Friday, September 9, 2011

Window Treatment Secrets

 I am going to give you some tips and secrets 
on how to make ready made panels look like custom.
But first I want to show off some window treatments
 I made several years back.
These are silk London Shades in an over sized 
window pane plaid pattern of black and white. 
These shades have clear crystal trimming and
 were lined and interlined, then board mounted.
 They dress the windows in my client's dining room of an old Victorian.
 Two narrow windows on the ends bookend a pair of bigger single windows.
 I made these for her over 5 years ago and didn't take pictures, 
because back then, I rarely took pictures of anything other than my kids.
There are built in iron baseboard heaters running underneath the windows, 
so the London Shades were a great choice.
Look at the amazing chandelier that is hanging over the table~
at the time I had never seen anything quite like it.
I was floored by how cool and dramatic yet simple and lovely it was~
I got to revisit the house and take these pics to add to my online portfolio
 as my client called me, needing some help with a window treatment dilemma.
 Before we get into the dilemma part of my visit,
I wanted to take pics of the kitchen treatments I designed for her as well. 
I love the color palette of yellow and grey.
 This treatment is still one of my favorites 
because you get to use two fabrics that play off of each other. 
One has the starring role, the other a supporting role.
 I like to add a small scale tassel trim to
 highlight the shape of the swooping lines. 
 It is a casual  valance well suited to this type of room, 
or a hallway or powder room. 
You can make the tails be as long as you want.
These were done in a yummy silk check with grey and yellow.
A built in banquette echoes the color in its upholstery and toss pillows.
 A coordinating treatment, called a stage coach valance, fits above the sink.
The plaid fabric and the yellow solid roll up around a
 drapery tube inside and the treatment is held in place with fabric ties.
 Now we are at the dilemma part, 
which is also the "window treatment secrets" part.
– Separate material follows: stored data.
(* A prime that is an intersection of colons (D : x^m), m in M, is one of
   them: if (D : x^m0) is not contained in C, pick g0 in it outside C; then
   C is also the intersection of the colons (D : x^(g0 + m)), m in M. *)
Lemma prime_colon_single (M : seq mon) :
  (forall g, C g <-> forall m, m \in M -> D (g + m)%MM) ->
  exists u, forall g, C g <-> D (g + u)%MM.
Proof.
have [k] := ubnP (size M); elim: k M => // k IH [|m0 M] /= lt_M CM.
  by case: C_proper; apply/CM.
case: (classic (exists g0, D (g0 + m0)%MM /\ ~ C g0))
  => [[g0 [D_g0 notC_g0]] | m0_colon]; last first.
  exists m0 => g; split=> [Cg | D_g]; first exact: (CM g).1 Cg m0 (mem_head _ _).
  by apply: NNPP => notC_g; apply: m0_colon; exists g.
apply: (IH [seq (g0 + m)%MM | m <- M]); first by rewrite size_map.
move=> g; split.
  move=> Cg _ /mapP [m Mm ->]; rewrite addmA [(g + g0)%MM]addmC -addmA.
  apply: (D_up _ (lem_addl g0 _)).
  by have := (CM g).1 Cg m; apply; rewrite in_cons Mm orbT.
move=> D_g; have : C (g + g0)%MM.
  apply/CM => m; rewrite in_cons => /orP [/eqP -> | Mm].
    by apply: (D_up D_g0); rewrite -addmA; apply: lem_addl.
  by rewrite -addmA; apply/D_g/map_f.
by case/C_prime.
Qed.

End PrimeColon.

Lemma Ass_monoprime_colon (J : poly -> Prop) D Q :
  upclosed D -> (forall f, J f <-> all_msupp D f) -> Ass J (monoprime Q) ->
  exists u, forall m, has_var Q m <-> D (m + u)%MM.
Proof.
move=> D_up JD [_ [f Qf]]; apply: (@prime_colon_single _ _ _ _ _ (msupp f)) => //.
- by move=> a b; rewrite has_varD => /orP.
- by rewrite has_var0.
- move=> m; rewrite -(all_msuppX (has_var Q)) -monoprimeP Qf mulrC JD.
  exact: all_msuppMX.
Qed.

Lemma Ass_monoprime_of_colon (J : poly -> Prop) D Q u :
  (forall f, J f <-> all_msupp D f) ->
  (forall m, has_var Q m <-> D (m + u)%MM) -> Ass J (monoprime Q).
Proof.
move=> JD QD; split; first exact: monoprime_prime.
exists 'X_[u] => g; rewrite monoprimeP JD all_msuppMX.
by split=> Dg m /Dg; rewrite addmC => /QD.
Qed.

Definition mdrop (i : 'I_n) (m : mon) : mon :=
  [multinom if k == i then 0%N else m k | k < n].

Lemma mdropE i (m : mon) k : mdrop i m k = if k == i then 0%N else m k.
Proof. by rewrite mnmE. Qed.

Lemma mdrop_le i (m : mon) : (mdrop i m <= m)%MM.
Proof. by apply/mnm_lepP => k; rewrite mdropE; case: ifP. Qed.

Lemma mdrop_lepm i a b : (a <= b)%MM -> (mdrop i a <= mdrop i b)%MM.
Proof. by move=> /mnm_lepP le_ab; apply/mnm_lepP => k; rewrite !mdropE; case: ifP. Qed.

Lemma mdropD i a b : mdrop i (a + b)%MM = (mdrop i a + mdrop i b)%MM.
Proof. by apply/mnmP => k; rewrite !(mnmDE, mdropE); case: ifP. Qed.

Lemma mdrop_id i (m : mon) : m i = 0%N -> mdrop i m = m.
Proof. by move=> mi0; apply/mnmP => k; rewrite mdropE; case: eqP => // ->. Qed.

Lemma mdrop_msum i ts : mdrop i (msum ts) = msum [seq mdrop i x | x <- ts].
Proof.
rewrite /msum big_map; apply: (big_morph _ (mdropD i)).
by rewrite mdrop_id ?mnm0E.
Qed.

Lemma has_var_mdrop Q i m : has_var Q (mdrop i m) = has_var (Q :\ i) m.
Proof.
apply: eq_existsb => j; rewrite mdropE in_setD1.
by case: eqP => [-> | _]; rewrite ?ltnn ?andbF.
Qed.

Lemma mdeg_ltm (m' m : mon) : (m' <= m)%MM -> m' <> m -> (mdeg m' < mdeg m)%N.
Proof.
move=> le_m'm ne_m'm; rewrite -(submK le_m'm) mdegD -{1}[mdeg m']add0n ltn_add2r.
rewrite lt0n mdeg_eq0; apply: contra_notN ne_m'm => /eqP d0.
by rewrite -(submK le_m'm) d0 add0m.
Qed.

Lemma min_gens_exists (I : poly -> Prop) m :
  I 'X_[m] -> exists2 w, min_gens I w & (w <= m)%MM.
Proof.
have [d] := ubnP (mdeg m); elim: d m => // d IH m lt_md Im.
case: (classic (exists m', [/\ I 'X_[m'], (m' <= m)%MM & m' <> m])).
  move=> [m' [Im' le_m'm ne_m'm]].
  have [|w min_w le_wm'] := IH m' _ Im'.
    by apply: leq_trans (mdeg_ltm le_m'm ne_m'm) _; rewrite -ltnS.
  by exists w => //; apply: lepm_trans le_m'm.
move=> no_smaller; exists m; last exact: lepm_refl.
split=> // m' Im' le_m'm; apply: NNPP => ne_m'm.
by apply: no_smaller; exists m'.
Qed.

Lemma deletionP (I : poly -> Prop) i : upclosed (fun m => I 'X_[m]) ->
  forall g, deletion I i g <-> all_msupp (fun m => I 'X_[mdrop i m]) g.
Proof.
move=> I_up g; rewrite /deletion monomial_ideal_genP; split=> Ig m /Ig.
  case=> w [[Iw _] wi0] le_wm; apply: I_up Iw _.
  by rewrite -(mdrop_id wi0); apply: mdrop_lepm.
move=> /min_gens_exists [w min_w le_w]; exists w.
  split=> //; apply/eqP; rewrite -leqn0.
  by have /mnm_lepP/(_ i) := le_w; rewrite mdropE eqxx.
exact: lepm_trans le_w (mdrop_le _ _).
Qed.

Lemma mon_pow_mdrop D i s m :
  mon_pow (fun x => D (mdrop i x)) s m <-> mon_pow D s (mdrop i m).
Proof.
split=> [[ts [size_ts Dts le_m]] | [ts [size_ts Dts le_m]]].
  exists [seq mdrop i x | x <- ts]; split.
  - by rewrite size_map.
  - by move=> _ /mapP [x xts ->]; apply: Dts.
  - by rewrite -mdrop_msum; apply: mdrop_lepm.
exists ts; split=> //; last exact: lepm_trans le_m (mdrop_le _ _).
move=> x xts; rewrite mdrop_id; first exact: Dts.
have /mnm_lepP/(_ i) := lepm_trans (lem_msum xts) le_m.
by rewrite mdropE eqxx leqn0 => /eqP.
Qed.

End MonomialIdeals.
This is a family room that has
 ready made panels from Restoration Hardware.
My client figured she could get her hubby to 
hang these panels and she would be happy.
Well she wasn't happy with how they were looking
 so she called me to get some help.
I have many clients who use ready made panels, 
and the number one secret is:  IRON the panels before you hang them.
 These are right out of the bag, all creased and wrinkly.
The other thing that needs to be done
with ready mades to get a custom look
 is you have to "dress" and then "train" them after you hang them.
There are some creases that are factory set.
The factory irons them in half before they package them
 and it they are a bear to remove.
 Set up the ironing board and get a spray bottle. 
Start with the panel all in the front at your feet and
 as you iron each section push it over towards the 
back until you have finished the panel.  
I used the spray bottle for deep set creases,
 first testing in an area that is inconspicuous. 
These panels are silk, and they took to the iron and spray like a duck to water~
I normally have no problems steaming silk panels on a high heat setting.
 The first window is completed. 
The panel on the right has been dressed~
that means I created uniform folds from the top down to the bottom.
 Having a large stripe helped with this process as it is a built in line of where to make your folds.
 The panel to the left is dressed and now being "trained".
 It is tied off in two sections to set the folds and create a memory.
 If you have pinch pleated panels,
 it is easier because you are just going to follow the pleated fold.
 I used kite string to make a gentle loop around the panel,
 not wanting to create more creases.
I tied it near the top and at the bottom.
Now this panel has proper folds and is a big improvement
 over the panels that were just hung up out of the box. 
The other trick I use is to put a small straight pin
 on the leading edge of the rod pocket so it will not slide
 forward on the rod too far into the window.
So those are some tips for you when you are using ready-mades
and want a custom look for your window treatments!